=== Section Start ===
(* Let $H=(V_1,\dots,V_d,E)$ be a finite $d$-partite hypergraph with $E\neq\emptyset$, and let $W_j\subseteq V_j$ for $j=1,\dots,d$. Then for every $i=1,\dots,d$, \[ disc_H(W_1,\dots,W_d)\leq disc_{B_i}\big(W_i,E_i(W_1,\dots,W_d)\big)+\frac{|W_i|}{|V_i|}\,disc_{H_i}(W_1,\dots,W_{i-1},W_{i+1},\dots,W_d). \]
   Context: A $d$-partite hypergraph $H=(V_1,\dots,V_d,E)$ has vertex set $V_1\sqcup\dots\sqcup V_d$ and edges $E\subseteq\prod_{i=1}^dV_i$ (each edge is a $d$-set with exactly one vertex in each $V_i$). For $W_j\subseteq V_j$, $E(W_1,\dots,W_d)=E\cap\prod_j W_j$ and $disc_H(W_1,\dots,W_d)=\left|\frac{|E(W_1,\dots,W_d)|}{|E|}-\prod_{j=1}^d\frac{|W_j|}{|V_j|}\right|$. For each $i$, $E_i=\{e\setminus\{v\}: e\in E,\ v\in e\cap V_i\}$ (walls of cotype $i$), $H_i=(V_1,\dots,V_{i-1},V_{i+1},\dots,V_d,E_i)$ is the induced $(d-1)$-partite hypergraph, $E_i(W_1,\dots,W_d)=E_i\cap\prod_{j\ne i}W_j$, and $disc_{H_i}(W_1,\dots,W_{i-1},W_{i+1},\dots,W_d)=\left|\frac{|E_i(W_1,\dots,W_d)|}{|E_i|}-\prod_{j\ne i}\frac{|W_j|}{|V_j|}\right|$. $B_i$ is the bipartite graph with vertex sides $V_i$ and $E_i$, where $v\in V_i$ and $Y\in E_i$ are adjacent iff $\{v\}\cup Y\in E$; its edge set is $E_{B_i}$. For a bipartite graph with sides $V,V'$ and edge set $E'$, and $S\subseteq V$, $T\subseteq V'$, $disc(S,T)=\left|\frac{|E'(S,T)|}{|E'|}-\frac{|S|}{|V|}\frac{|T|}{|V'|}\right|$. *)

From mathcomp Require Import all_boot all_order all_algebra.
Set Implicit Arguments. Unset Strict Implicit. Unset Printing Implicit Defensive.
Import Order.TTheory GRing.Theory Num.Theory.
Local Open Scope ring_scope.

(* A d-partite hypergraph on a finite vertex type T: [part x] is the index
   of the class V_i containing x, edges are sets of vertices with exactly
   one vertex in each class. *)
Section Hyper.
Variables (T : finType) (d : nat) (part : T -> 'I_d).

Definition Vp (i : 'I_d) : {set T} := [set x | part x == i].

Definition is_edge (e : {set T}) : bool := [forall i, #|e :&: Vp i| == 1%N].

Variable E : {set {set T}}.
Variable W : 'I_d -> {set T}.

Definition EW : {set {set T}} :=
  [set e in E | [forall j, e :&: Vp j \subset W j]].

Definition walls (i : 'I_d) : {set {set T}} :=
  [set Y | [exists e in E, exists v in e :&: Vp i, Y == e :\ v]].

Definition wallsW (i : 'I_d) : {set {set T}} :=
  [set Y in walls i | [forall j, (j != i) ==> (Y :&: Vp j \subset W j)]].

Definition EB (i : 'I_d) : {set T * {set T}} :=
  [set p | [&& p.1 \in Vp i, p.2 \in walls i & (p.1 |: p.2) \in E]].

Definition fracn (R : numFieldType) (a b : nat) : R := a%:R / b%:R.

Definition disc_H (R : numFieldType) : R :=
  `| fracn R #|EW| #|E| - \prod_(j < d) fracn R #|W j| #|Vp j| |.

Definition disc_Hi (R : numFieldType) (i : 'I_d) : R :=
  `| fracn R #|wallsW i| #|walls i|
     - \prod_(j < d | j != i) fracn R #|W j| #|Vp j| |.
End Hyper.

Definition disc_bip (R : numFieldType) (X Y : finType)
  (A : {set X}) (B : {set Y}) (F : {set X * Y}) (S : {set X}) (U : {set Y}) : R :=
  `| fracn R #|[set p in F | (p.1 \in S) && (p.2 \in U)]| #|F|
     - fracn R #|S| #|A| * fracn R #|U| #|B| |.

From mathcomp Require Import all_boot all_order all_algebra.
From mathcomp Require Import ring.
Import Order.TTheory GRing.Theory Num.Theory.
Local Open Scope ring_scope.

(* Gluing a vertex v of V_i to a wall Y of cotype i, (v, Y) |-> {v} u Y, is a
   bijection from the edges of B_i onto E which maps the edges of B_i between
   W_i and E_i(W) onto E(W).  Hence |E(W)|/|E| is the edge density of B_i
   between W_i and E_i(W), and the inequality is the triangle inequality
   |a - b p| <= |a - b c| + b |c - p| with b = |W_i|/|V_i|. *)

Section Gluing.
Local Set Implicit Arguments.
Local Unset Strict Implicit.
Variables (T : finType) (d : nat) (part : T -> 'I_d).
Variables (E : {set {set T}}) (i : 'I_d).
Hypothesis edgeE : forall e, e \in E -> is_edge part e.

Lemma edge_meet_part e : is_edge part e -> exists v, e :&: Vp part i = [set v].
Proof. by move=> /forallP /(_ i) /cards1P. Qed.

Lemma wall_meet_part0 Y : Y \in walls part E i -> Y :&: Vp part i = set0.
Proof.
rewrite inE => /existsP [e /andP [eE /existsP [v /andP [ve /eqP ->]]]].
have [u eVu] := edge_meet_part (edgeE eE); move: ve; rewrite eVu inE => /eqP ->.
by rewrite setIDAC eVu setDv.
Qed.

Definition glue (p : T * {set T}) : {set T} := p.1 |: p.2.

Lemma glue_meet_part p : p \in EB part E i -> glue p :&: Vp part i = [set p.1].
Proof.
rewrite inE => /and3P [p1V p2W _].
rewrite /glue setIUl (wall_meet_part0 p2W) setU0.
apply/setP => x; rewrite !inE andb_idr // => /eqP ->.
by move: p1V; rewrite inE.
Qed.

Lemma glue_setD1 p : p \in EB part E i -> glue p :\ p.1 = p.2.
Proof.
move=> pB; rewrite /glue setU1K //; apply/negP => p12.
move: pB; rewrite inE => /and3P [p1V p2W _].
by have := wall_meet_part0 p2W; move/setP/(_ p.1); rewrite in_setI p12 p1V inE.
Qed.

Lemma glue_inj : {in EB part E i &, injective glue}.
Proof.
move=> [v Y] [u Z] pB qB gpq.
have vu : v = u.
  by have := glue_meet_part pB; rewrite gpq glue_meet_part // => /set1_inj.
have YZ : Y = Z.
  by move: (glue_setD1 pB) (glue_setD1 qB); rewrite gpq /= vu => -> ->.
by rewrite vu YZ.
Qed.

Lemma glue_EB : glue @: EB part E i = E.
Proof.
apply/setP => e; apply/imsetP/idP => [[p pB ->]|eE].
  by move: pB; rewrite inE => /and3P [].
have [v eVv] := edge_meet_part (edgeE eE).
have /setIP [ve vV] : v \in e :&: Vp part i by rewrite eVv set11.
exists (v, e :\ v); last by rewrite /glue setD1K.
rewrite inE /= vV setD1K // eE andbT inE.
apply/exists_inP; exists e => //; apply/exists_inP; exists v => //.
by rewrite eVv set11.
Qed.

Variable W : 'I_d -> {set T}.

Definition EB_W : {set T * {set T}} :=
  [set p in EB part E i | (p.1 \in W i) && (p.2 \in wallsW part E W i)].

(* Away from V_i a glued edge and its wall coincide; on V_i it is {v}. *)
Lemma glue_in_EW p : p \in EB part E i ->
  (glue p \in EW part E W) = (p.1 \in W i) && (p.2 \in wallsW part E W i).
Proof.
move=> pB; have gE : glue p \in E by move: pB; rewrite inE => /and3P [].
have := pB; rewrite inE => /and3P [p1V p2W _].
rewrite [p.2 \in _]inE p2W inE gE /=.
have glue_meet_other j : j != i -> glue p :&: Vp part j = p.2 :&: Vp part j.
  move=> ji; rewrite /glue setIUl; apply/setP => x; rewrite !inE.
  case: eqP => [->|] //=; move: p1V; rewrite inE => /eqP ->.
  by rewrite eq_sym (negbTE ji) andbF.
apply/forallP/andP => [sub|[p1W /forallP p2sub] j].
  split; first by have := sub i; rewrite glue_meet_part // sub1set.
  by apply/forallP => j; apply/implyP => ji; rewrite -glue_meet_other.
have [->|ji] := eqVneq j i; first by rewrite glue_meet_part // sub1set.
by rewrite glue_meet_other //; have := p2sub j; rewrite ji.
Qed.

Lemma glue_EB_W : glue @: EB_W = EW part E W.
Proof.
apply/setP => e; apply/imsetP/idP => [[p pBW ->]|eW].
  by move: pBW; rewrite inE => /andP [pB ?]; rewrite glue_in_EW.
have eE : e \in E by move: eW; rewrite inE => /andP [].
move: eE; rewrite -glue_EB => /imsetP [p pB ep]; exists p => //.
by rewrite inE pB -glue_in_EW -?ep.
Qed.

Lemma card_EB : #|EB part E i| = #|E|.
Proof. by rewrite -{2}glue_EB card_in_imset //; apply: glue_inj. Qed.

Lemma card_EB_W : #|EB_W| = #|EW part E W|.
Proof.
rewrite -glue_EB_W card_in_imset // => p q.
by move=> /setIdP [pB _] /setIdP [qB _]; apply: glue_inj.
Qed.

End Gluing.

Lemma ler_normB_mul (R : numDomainType) (a b c p : R) : 0 <= b ->
  `|a - b * p| <= `|a - b * c| + b * `|c - p|.
Proof.
move=> b0; have -> : a - b * p = (a - b * c) + b * (c - p) by ring.
by rewrite (le_trans (ler_normD _ _)) // normrM ger0_norm.
Qed.

Theorem lemma3p5 (R : realFieldType) (T : finType) (d : nat)
  (part : T -> 'I_d) (E : {set {set T}}) (W : 'I_d -> {set T}) :
  (forall e, e \in E -> is_edge part e) ->
  E != set0 ->
  (forall j, W j \subset Vp part j) ->
  forall i : 'I_d,
    disc_H part E W R <=
      disc_bip R (Vp part i) (walls part E i) (EB part E i) (W i) (wallsW part E W i)
      + fracn R #|W i| #|Vp part i| * disc_Hi part E W R i.
Proof.
move=> edgeE _ _ i.
rewrite /disc_H /disc_bip /disc_Hi (card_EB i edgeE).
rewrite -/(EB_W part E i W) (card_EB_W i edgeE W) (bigD1 i) //=.
by apply: ler_normB_mul; rewrite divr_ge0 ?ler0n.
Qed.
=== Section End ===
_Required work_
Every line above that has the string "Implicit" needs to be copied.

_Task result_
Set Implicit Arguments. Unset Strict Implicit. Unset Printing Implicit Defensive.
Local Set Implicit Arguments.
Local Unset Strict Implicit.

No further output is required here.